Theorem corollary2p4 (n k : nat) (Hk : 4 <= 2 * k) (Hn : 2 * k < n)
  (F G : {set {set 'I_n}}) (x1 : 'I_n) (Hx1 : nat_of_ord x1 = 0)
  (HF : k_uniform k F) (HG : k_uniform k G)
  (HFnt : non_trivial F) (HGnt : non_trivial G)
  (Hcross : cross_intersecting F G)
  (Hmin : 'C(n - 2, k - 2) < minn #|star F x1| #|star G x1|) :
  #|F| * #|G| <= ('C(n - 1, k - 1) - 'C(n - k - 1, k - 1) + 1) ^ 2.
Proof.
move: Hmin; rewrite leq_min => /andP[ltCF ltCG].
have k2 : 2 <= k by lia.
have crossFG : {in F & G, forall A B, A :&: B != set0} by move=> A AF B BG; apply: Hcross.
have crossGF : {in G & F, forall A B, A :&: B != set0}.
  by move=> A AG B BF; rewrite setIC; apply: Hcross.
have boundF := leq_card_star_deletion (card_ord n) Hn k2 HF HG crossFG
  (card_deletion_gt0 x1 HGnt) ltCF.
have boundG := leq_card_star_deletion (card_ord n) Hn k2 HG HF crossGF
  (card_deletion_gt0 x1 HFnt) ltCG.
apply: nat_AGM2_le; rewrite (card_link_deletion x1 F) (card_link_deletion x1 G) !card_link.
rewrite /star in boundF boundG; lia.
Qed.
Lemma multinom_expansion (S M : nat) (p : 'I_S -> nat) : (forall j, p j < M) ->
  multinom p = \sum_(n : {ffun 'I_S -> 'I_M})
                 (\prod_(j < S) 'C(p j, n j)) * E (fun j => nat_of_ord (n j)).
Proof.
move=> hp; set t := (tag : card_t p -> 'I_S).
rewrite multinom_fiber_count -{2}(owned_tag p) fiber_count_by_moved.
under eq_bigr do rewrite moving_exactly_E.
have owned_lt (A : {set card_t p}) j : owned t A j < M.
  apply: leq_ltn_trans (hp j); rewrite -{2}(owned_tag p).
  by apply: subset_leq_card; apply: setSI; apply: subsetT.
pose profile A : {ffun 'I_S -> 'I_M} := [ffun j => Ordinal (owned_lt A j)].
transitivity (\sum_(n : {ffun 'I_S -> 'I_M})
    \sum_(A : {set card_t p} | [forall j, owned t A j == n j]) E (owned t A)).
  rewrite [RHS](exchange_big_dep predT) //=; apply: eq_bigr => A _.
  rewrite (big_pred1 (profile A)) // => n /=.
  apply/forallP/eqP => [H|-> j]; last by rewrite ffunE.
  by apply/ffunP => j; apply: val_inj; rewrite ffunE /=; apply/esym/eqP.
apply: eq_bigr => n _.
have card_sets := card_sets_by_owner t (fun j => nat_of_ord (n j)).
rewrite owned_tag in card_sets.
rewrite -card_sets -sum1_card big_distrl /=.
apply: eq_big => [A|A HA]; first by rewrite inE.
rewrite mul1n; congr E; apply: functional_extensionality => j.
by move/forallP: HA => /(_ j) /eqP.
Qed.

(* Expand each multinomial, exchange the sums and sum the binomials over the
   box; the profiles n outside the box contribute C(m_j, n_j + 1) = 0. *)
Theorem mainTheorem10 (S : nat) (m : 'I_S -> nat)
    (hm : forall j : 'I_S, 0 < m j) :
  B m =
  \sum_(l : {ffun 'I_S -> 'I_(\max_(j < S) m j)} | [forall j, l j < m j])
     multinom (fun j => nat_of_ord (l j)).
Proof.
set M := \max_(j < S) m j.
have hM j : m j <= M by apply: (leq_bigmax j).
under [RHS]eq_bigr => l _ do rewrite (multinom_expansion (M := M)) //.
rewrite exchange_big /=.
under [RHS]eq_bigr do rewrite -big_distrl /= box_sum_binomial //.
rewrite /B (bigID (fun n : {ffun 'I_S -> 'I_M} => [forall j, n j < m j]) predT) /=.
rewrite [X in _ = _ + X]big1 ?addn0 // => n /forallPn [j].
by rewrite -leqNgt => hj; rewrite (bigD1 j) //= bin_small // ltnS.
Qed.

● ● ● ● ●

_EXERCISE GOAL_:
Wherever the line holding "#|F| * #|G| <= ('C(n - 1, k" falls in the entries above, copy exactly from it through the line holding "apply: nat_AGM2_le; rewrite", inclusive, and add nothing.

_YOUR RESPONSE_:
  #|F| * #|G| <= ('C(n - 1, k - 1) - 'C(n - k - 1, k - 1) + 1) ^ 2.
Proof.
move: Hmin; rewrite leq_min => /andP[ltCF ltCG].
have k2 : 2 <= k by lia.
have crossFG : {in F & G, forall A B, A :&: B != set0} by move=> A AF B BG; apply: Hcross.
have crossGF : {in G & F, forall A B, A :&: B != set0}.
  by move=> A AG B BF; rewrite setIC; apply: Hcross.
have boundF := leq_card_star_deletion (card_ord n) Hn k2 HF HG crossFG
  (card_deletion_gt0 x1 HGnt) ltCF.
have boundG := leq_card_star_deletion (card_ord n) Hn k2 HG HF crossGF
  (card_deletion_gt0 x1 HFnt) ltCG.
apply: nat_AGM2_le; rewrite (card_link_deletion x1 F) (card_link_deletion x1 G) !card_link.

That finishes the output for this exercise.